All-Morning Muffins

All-Morning Muffins

Grandma Mallory would have scoffed at my idea of making protein-packed muffins that could serve as a breakfast by itself. After all, in her day, breakfast had to be more than a couple of muffins–the men worked all day in the fields and women cooked, cleaned, laundered and gardened. For her, muffins were something to make out of white flour and white sugar as an alternative to the usual biscuits, and served alongside country ham or bacon, fried eggs, and fried potatoes (hash browns would have been “too fancy”).

But those folk didn’t have to rush out to the fields or the garden by a specific time, like us modern workers who have to punch in or be there on the computer by 8:30 or whatever. Breakfast is a challenge for me–I don’t want to eat early but I don’t want to skip it. Some days instant oatmeal will work, and even I get tired of one of my favorite foods, Kellogg’s brand Pop-Tarts (there goes my reputation).

So I decided to make a single-meal muffin that would have protein, fiber, flavor and enough sweetness to keep me out of the Pop-Tart box.

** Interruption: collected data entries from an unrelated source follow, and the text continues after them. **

(* In the truncated Gale–Shapley algorithm described in the context, with a weight function $w$ respecting the preferences, for every $i\ge 2$ we have $f_i(R)\le f_{i-1}(R)$.
   Context: Instance: a simple bipartite graph $\mathcal{G}=(R\cup B,E)$ (red nodes $R$, blue nodes $B$) without isolated nodes, each node having a linear preference order on its neighbours. Algorithm (distributed Gale–Shapley): each blue $b$ keeps $p(b)$ (current partner or $\bot$), initially $\bot$. Each red $r$ keeps a list $C(r)$, initially all neighbours in decreasing preference; $c(r)$ (candidate awaiting response, or $\bot$), initially $\bot$; $p(r)$ (partner or $\bot$), initially $\bot$. Each round consists of a blue turn then a red turn. Blue turn, for each $b$: let $P$ be the set of neighbours that sent `propose'; if $P=\emptyset$ do nothing. Otherwise let $Q=P\cup\{p(b)\}$ if $p(b)\ne\bot$, else $Q=P$; let $q$ be $b$'s most preferred node in $Q$; if $q\ne p(b)$, send `break' to $p(b)$ (if $p(b)\ne\bot$), send `accept' to $q$, and set $p(b)\gets q$; send `reject' to every $r\in P\setminus\{q\}$. Red turn, for each $r$: (1) if $c(r)\neq\bot$, receive the message from $c(r)$; if `accept' set $p(r)\gets c(r)$; if `reject' remove $c(r)$ from $C(r)$; then set $c(r)\gets\bot$. (2) If $p(r)\ne\bot$ and $p(r)$ sent `break', remove $p(r)$ from $C(r)$ and set $p(r)\gets\bot$. (3) If $p(r)=\bot$ and $C(r)$ is nonempty, set $c(r)$ to the first element of $C(r)$ and send `propose' to it. Notation: a subscript $i$ denotes the value at the end of round $i$. Let $w:E\to\mathbb{Z}_{>0}$ be a weight function respecting preferences: whenever a node $v$ prefers $x$ over $y$, $w(\{v,x\})\ge w(\{v,y\})$. The potential of $r\in R$ at the end of round $i$ is $f_i(r)=0$ if $r$ is matched ($p_i(r)\neq\bot$) or $C_i(r)$ is empty, and otherwise $f_i(r)=w(\{r,b\})$ where $b$ is the first element of $C_i(r)$; $f_i(R)=\sum_{r\in R}f_i(r)$. *)

From mathcomp Require Import all_boot.
Set Implicit Arguments. Unset Strict Implicit. Unset Printing Implicit Defensive.

Section GS.
Variables (R B : finType).

(* Preferences: [prefR r] lists the neighbours of red r in decreasing
   preference; [prefB b] lists the neighbours of blue b in decreasing
   preference.  "v prefers x over y" means x comes before y in the list. *)
Definition prefers (T : eqType) (s : seq T) (x y : T) : bool :=
  [&& x \in s, y \in s & index x s < index y s].

Record state := State {
  pB : B -> option R;
  Cr : R -> seq B;
  cr : R -> option B;
  pR : R -> option B
}.

Definition init_state (prefR : R -> seq B) : state :=
  State (fun _ => None) prefR (fun _ => None) (fun _ => None).

(* Reds that sent 'propose' to b (in the red turn of the previous round). *)
Definition proposers (s : state) (b : B) : {set R} := [set r | cr s r == Some b].

Definition Qset (s : state) (b : B) : {set R} :=
  if pB s b is Some r0 then r0 |: proposers s b else proposers s b.

Definition best (prefB : B -> seq R) (s : state) (b : B) : option R :=
  [pick r in Qset s b |
     [forall r' in Qset s b, index r (prefB b) <= index r' (prefB b)]].

Definition newpB prefB (s : state) (b : B) : option R :=
  if proposers s b == set0 then pB s b
  else if best prefB s b != pB s b then best prefB s b else pB s b.

Definition accept_msg prefB (s : state) (b : B) (r : R) : bool :=
  [&& proposers s b != set0, best prefB s b == Some r & best prefB s b != pB s b].

Definition reject_msg prefB (s : state) (b : B) (r : R) : bool :=
  (r \in proposers s b) && (best prefB s b != Some r).

Definition break_msg prefB (s : state) (b : B) (r : R) : bool :=
  [&& proposers s b != set0, best prefB s b != pB s b & pB s b == Some r].

(* Red turn, for a single red r: returns (C(r), c(r), p(r)). *)
Definition red_step prefB (s : state) (r : R) : seq B * option B * option B :=
  let '(p1, C1) :=
    match cr s r with
    | Some b =>
        (if accept_msg prefB s b r then Some b else pR s r,
         if reject_msg prefB s b r then filter (predC1 b) (Cr s r) else Cr s r)
    | None => (pR s r, Cr s r)
    end in
  let '(p2, C2) :=
    match p1 with
    | Some b' => if break_msg prefB s b' r then (None, filter (predC1 b') C1)
                 else (p1, C1)
    | None => (p1, C1)
    end in
  let c3 := if p2 is None then ohead C2 else None in
  (C2, c3, p2).

Definition round prefB (s : state) : state :=
  State (newpB prefB s)
        (fun r => (red_step prefB s r).1.1)
        (fun r => (red_step prefB s r).1.2)
        (fun r => (red_step prefB s r).2).

Definition run prefR prefB (i : nat) : state := iter i (round prefB) (init_state prefR).

Definition pot (w : R -> B -> nat) (s : state) (r : R) : nat :=
  if pR s r is Some _ then 0 else if Cr s r is b :: _ then w r b else 0.

Definition potR (w : R -> B -> nat) (s : state) : nat := \sum_(r : R) pot w s r.

Definition respects (adj : R -> B -> bool) prefR prefB (w : R -> B -> nat) : Prop :=
  (forall r b, adj r b -> 0 < w r b) /\
  (forall r x y, prefers (prefR r) x y -> w r y <= w r x) /\
  (forall b x y, prefers (prefB b) x y -> w y b <= w x b).

End GS.

From mathcomp Require Import all_boot.
Set Implicit Arguments. Unset Strict Implicit. Unset Printing Implicit Defensive.

(* Each list C(r) only loses elements and stays a subsequence of r's preference
   list, so dropping elements never raises the weight of its head.  The only
   red whose potential can rise in a round is one, say r, whose partner b
   breaks with it; b then accepts some r' that was proposing to b, i.e. whose
   old potential was w(r', b).  The new potential of r is at most w(r, b), and
   w(r, b) <= w(r', b) because b prefers r'.  Swapping r and r' is an
   involution of R under which every red's new potential is bounded by the old
   potential of its image, and summing over R gives the claim. *)

Lemma prefers_subseq_head (T : eqType) (s : seq T) b rest x :
  uniq s -> subseq (b :: rest) s -> x \in rest -> prefers s b x.
Proof.
move=> s_uniq sub_s x_rest.
have /andP[b_rest _] := subseq_uniq sub_s s_uniq.
have bx : b != x by apply: contraNneq b_rest => ->.
move: s_uniq; have : mem2 s b x.
  rewrite mem2E (negPf bx); apply: subseq_trans sub_s.
  by rewrite /= eqxx sub1seq.
case/splitP2r => p1 p2; rewrite inE eq_sym (negPf bx) /= => x_p2.
rewrite cat_uniq /= => /and3P[_ /norP[b_p1 /hasPn p2_p1] _].
have x_p1 : x \notin p1 by apply: p2_p1.
rewrite /prefers !mem_cat !inE eqxx x_p2 !orbT !index_cat (negPf b_p1) (negPf x_p1) /=.
by rewrite eqxx (negPf bx) ltn_add2l.
Qed.

Section GaleShapley.
Variables (R B : finType) (prefR : R -> seq B) (prefB : B -> seq R).
Hypotheses (prefR_uniq : forall r, uniq (prefR r))
  (mem_prefRB : forall r b, (b \in prefR r) = (r \in prefB b)).

Definition consistent (s : state R B) : Prop :=
  [/\ forall r, subseq (Cr s r) (prefR r),
      forall r b, cr s r = Some b -> pR s r = None /\ ohead (Cr s r) = Some b,
      forall r b, pR s r = Some b -> ohead (Cr s r) = Some b &
      forall b r, pB s b = Some r -> r \in prefB b].

Lemma consistent_head s r b :
  consistent s -> ohead (Cr s r) = Some b -> r \in prefB b.
Proof.
case=> subC _ _ _; rewrite -mem_prefRB; case ECr: (Cr s r) => [|b' C] //= [<-].
by apply: (mem_subseq (subC r)); rewrite ECr mem_head.
Qed.

Lemma best_spec s b r : best prefB s b = Some r ->
  r \in Qset s b /\ forall r', r' \in Qset s b -> index r (prefB b) <= index r' (prefB b).
Proof. by rewrite /best; case: pickP => // r' /andP[Qr' /forall_inP min_r'] [<-]. Qed.

Lemma best_exists s b : proposers s b != set0 -> exists r, best prefB s b = Some r.
Proof.
case/set0Pn=> r0 prop_r0.
have Q_r0 : r0 \in Qset s b by rewrite /Qset; case: (pB s b) => // ?; rewrite inE prop_r0 orbT.
rewrite /best; case: pickP => [r _|no_best]; first by exists r.
case: (arg_minnP (fun r => index r (prefB b)) Q_r0) => r Q_r min_r.
move: (no_best r) => /= /negbT/nandP[]/negP[]; [exact: Q_r | exact/forall_inP].
Qed.

Variant red_step_spec s r : seq B * option B * option B -> Type :=
| RedBroken b of pR s r = Some b & cr s r = None & break_msg prefB s b r :
    red_step_spec s r (filter (predC1 b) (Cr s r), ohead (filter (predC1 b) (Cr s r)), None)
| RedKept b of pR s r = Some b & cr s r = None & ~~ break_msg prefB s b r :
    red_step_spec s r (Cr s r, None, Some b)
| RedIdle of pR s r = None & cr s r = None :
    red_step_spec s r (Cr s r, ohead (Cr s r), None)
| RedAccepted b of pR s r = None & cr s r = Some b & accept_msg prefB s b r :
    red_step_spec s r (Cr s r, None, Some b)
| RedNotAccepted b of pR s r = None & cr s r = Some b & ~~ accept_msg prefB s b r :
    let C := if reject_msg prefB s b r then filter (predC1 b) (Cr s r) else Cr s r in
    red_step_spec s r (C, ohead C, None).

Lemma red_stepP s r : (forall b, cr s r = Some b -> pR s r = None) ->
  red_step_spec s r (red_step prefB s r).
Proof.
move=> cr_free; rewrite /red_step.
case Ecr: (cr s r) => [b|]; last first.
  case EpR: (pR s r) => [b|]; last exact: RedIdle.
  by case Ebr: (break_msg prefB s b r); [apply: RedBroken | apply: RedKept; rewrite ?Ebr].
have EpR := cr_free _ Ecr.
case Eacc: (accept_msg prefB s b r); last by rewrite EpR; apply: RedNotAccepted; rewrite ?Eacc.
move: (Eacc); rewrite /accept_msg => /and3P[_ /eqP best_r best_new].
have -> : reject_msg prefB s b r = false by rewrite /reject_msg best_r eqxx andbF.
have -> : break_msg prefB s b r = false.
  by apply: contraNF best_new; rewrite /break_msg best_r => /and3P[_ _ /eqP ->].
exact: RedAccepted.
Qed.

Lemma consistent_init : consistent (init_state prefR).
Proof. by split=> //= r; apply: subseq_refl. Qed.

Lemma consistent_round s : consistent s -> consistent (round prefB s).
Proof.
move=> cs; have [subC crP pRP pBP] := cs.
have cr_free r b : cr s r = Some b -> pR s r = None by case/crP.
split=> [r|r b|r b|b r] /=.
- have subCr := subC r.
  have subF b' : subseq (filter (predC1 b') (Cr s r)) (prefR r).
    exact: subseq_trans (filter_subseq _ _) subCr.
  by case: (red_stepP (cr_free r)) => //= b' *; case: ifP.
- by case: (red_stepP (cr_free r)).
- case: (red_stepP (cr_free r)) => // [b' EpR _ _ [<-]|b' _ Ecr _ [<-]]; first exact: pRP.
  by case: (crP _ _ Ecr).
- have best_pref : best prefB s b = Some r -> r \in prefB b.
    case/best_spec=> + _; rewrite /Qset.
    have prop_pref : r \in proposers s b -> r \in prefB b.
      by rewrite inE => /eqP /crP[_]; apply: consistent_head.
    case EpB: (pB s b) => [r0|]; last exact: prop_pref.
    by case/setU1P => [->|]; [apply: pBP | apply: prop_pref].
  by rewrite /newpB; do 2?case: ifP => _; by [apply: pBP | apply: best_pref].
Qed.

Lemma consistent_run i : consistent (run prefR prefB i).
Proof.
elim: i => [|i IHi]; first exact: consistent_init.
by rewrite /run iterS; apply: consistent_round.
Qed.

Lemma break_pB s b r : break_msg prefB s b r -> pB s b = Some r.
Proof. by case/and3P=> _ _ /eqP. Qed.

Lemma break_best s b r r' : consistent s -> break_msg prefB s b r ->
  best prefB s b = Some r' -> [/\ r' != r, cr s r' = Some b & pR s r' = None].
Proof.
case=> _ crP _ _ brk best_r'; have pB_r := break_pB brk.
have r'r : r' != r.
  by apply: contraTneq brk => r'_r; rewrite /break_msg best_r' pB_r r'_r eqxx andbF.
have [+ _] := best_spec best_r'; rewrite /Qset pB_r in_setU1 (negPf r'r) inE => /eqP cr_r'.
by have [] := crP _ _ cr_r'.
Qed.

Definition exchange (s : state R B) (r : R) : R :=
  match pR s r with
  | Some b => if break_msg prefB s b r then odflt r (best prefB s b) else r
  | None =>
      if cr s r is Some b then
        if pB s b is Some r0 then
          if [&& break_msg prefB s b r0, best prefB s b == Some r & pR s r0 == Some b]
          then r0 else r
        else r
      else r
  end.

Lemma exchangeK s : consistent s -> involutive (exchange s).
Proof.
move=> cs r; rewrite {2}/exchange.
case EpR: (pR s r) => [b|].
  case Ebrk: (break_msg prefB s b r); last by rewrite /exchange EpR Ebrk.
  case Ebest: (best prefB s b) => [r'|] /=; last by rewrite /exchange EpR Ebrk Ebest.
  have [_ cr_r' pR_r'] := break_best cs Ebrk Ebest.
  by rewrite /exchange pR_r' cr_r' (break_pB Ebrk) Ebrk Ebest EpR !eqxx.
case Ecr: (cr s r) => [b|]; last by rewrite /exchange EpR Ecr.
case EpB: (pB s b) => [r0|]; last by rewrite /exchange EpR Ecr EpB.
case: ifP => [/and3P[brk /eqP best_r /eqP pR_r0]|Ecnd];
  last by rewrite /exchange EpR Ecr EpB Ecnd.
by rewrite /exchange pR_r0 brk best_r.
Qed.

Section Potential.
Variable w : R -> B -> nat.
Hypotheses (w_prefR : forall r x y, prefers (prefR r) x y -> w r y <= w r x)
  (w_prefB : forall b x y, prefers (prefB b) x y -> w y b <= w x b).

(* For an unmatched red, [pot w s r] is convertible to [head_weight r (Cr s r)]. *)
Definition head_weight r (C : seq B) : nat := if C is b :: _ then w r b else 0.

Lemma head_weight_subseq r C C' :
  subseq C (prefR r) -> subseq C' C -> head_weight r C' <= head_weight r C.
Proof.
case: C' => [|x C'] // subC /(mem_subseq)/(_ x (mem_head _ _)).
case: C subC => [|b C] //= subC; rewrite inE => /predU1P[-> //|x_C].
exact/w_prefR/(prefers_subseq_head (prefR_uniq r) subC).
Qed.

Lemma best_weight_max s b r r' : best prefB s b = Some r' ->
  r \in Qset s b -> r \in prefB b -> r' \in prefB b -> w r b <= w r' b.
Proof.
move=> best_r' Q_r r_b r'_b; have [_ min_r'] := best_spec best_r'.
have [-> //|r'r] := eqVneq r' r; apply: w_prefB.
rewrite /prefers r'_b r_b ltn_neqAle min_r' // andbT.
by apply: contra r'r => /eqP/index_inj-> //.
Qed.

Lemma pot_round_le s r : consistent s -> pot w (round prefB s) r <= pot w s (exchange s r).
Proof.
move=> cs; have [subC crP pRP pBP] := cs.
have cr_free r1 b : cr s r1 = Some b -> pR s r1 = None by case/crP.
rewrite /pot /=.
case: (red_stepP (cr_free r))
  => [b EpR Ecr brk|b EpR Ecr _|EpR Ecr|b EpR Ecr _|b EpR Ecr nacc] //=.
- have [|r' best_r'] := best_exists (s := s) (b := b); first by case/and3P: brk.
  have [_ cr_r' pR_r'] := break_best cs brk best_r'.
  rewrite /exchange EpR brk best_r' /= pR_r'.
  apply: leq_trans (head_weight_subseq (subC r) (filter_subseq _ _)) _.
  have [_ head_r'] := crP _ _ cr_r'; have head_r := pRP _ _ EpR.
  have Q_r : r \in Qset s b by rewrite /Qset (break_pB brk) setU11.
  move: (best_weight_max best_r' Q_r (pBP _ _ (break_pB brk)) (consistent_head cs head_r')).
  by case: (Cr s r) head_r => // ? ? [->]; case: (Cr s r') head_r' => // ? ? [->].
- by rewrite /exchange EpR Ecr EpR.
- have -> : exchange s r = r.
    rewrite /exchange EpR Ecr; case: (pB s b) => // r0.
    case: ifP => // /and3P[brk /eqP best_r _]; case/negP: nacc.
    by move: brk; rewrite /accept_msg /break_msg best_r eqxx => /and3P[-> -> _].
  rewrite EpR; apply: (head_weight_subseq (subC r)).
  by case: ifP => _; [apply: filter_subseq | apply: subseq_refl].
Qed.

Lemma potR_round s : consistent s -> potR w (round prefB s) <= potR w s.
Proof.
move=> cs; rewrite /potR [X in _ <= X](reindex_inj (can_inj (exchangeK cs))).
by apply: leq_sum => r _; apply: pot_round_le.
Qed.

End Potential.

End GaleShapley.

Theorem lemma3 (R B : finType) (adj : R -> B -> bool)
  (prefR : R -> seq B) (prefB : B -> seq R) (w : R -> B -> nat) :
  (forall r : R, exists b : B, adj r b) ->
  (forall b : B, exists r : R, adj r b) ->
  (forall r, uniq (prefR r)) -> (forall r b, (b \in prefR r) = adj r b) ->
  (forall b, uniq (prefB b)) -> (forall b r, (r \in prefB b) = adj r b) ->
  respects adj prefR prefB w ->
  forall i : nat, 2 <= i ->
    potR w (run prefR prefB i) <= potR w (run prefR prefB i.-1).
Proof.
move=> _ _ prefR_uniq mem_prefR _ mem_prefB [_ [w_prefR w_prefB]] [|i] // _.
have mem_prefRB r b : (b \in prefR r) = (r \in prefB b) by rewrite mem_prefR mem_prefB.
rewrite /run iterS /=.
exact: (potR_round prefR_uniq mem_prefRB w_prefR w_prefB (consistent_run mem_prefRB i)).
Qed.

One thing I learned long ago that if you’re a food blogger, you have to get used to wasting food. This was a hard lesson for me. I come from people who do not waste anything. Even Grandma Mallory would break an egg and then run her finger around the inside of the shell to get every bit of albumen. Then the shells were crushed and fed to the chickens–a strange, cannibalistic cycle I can’t explain.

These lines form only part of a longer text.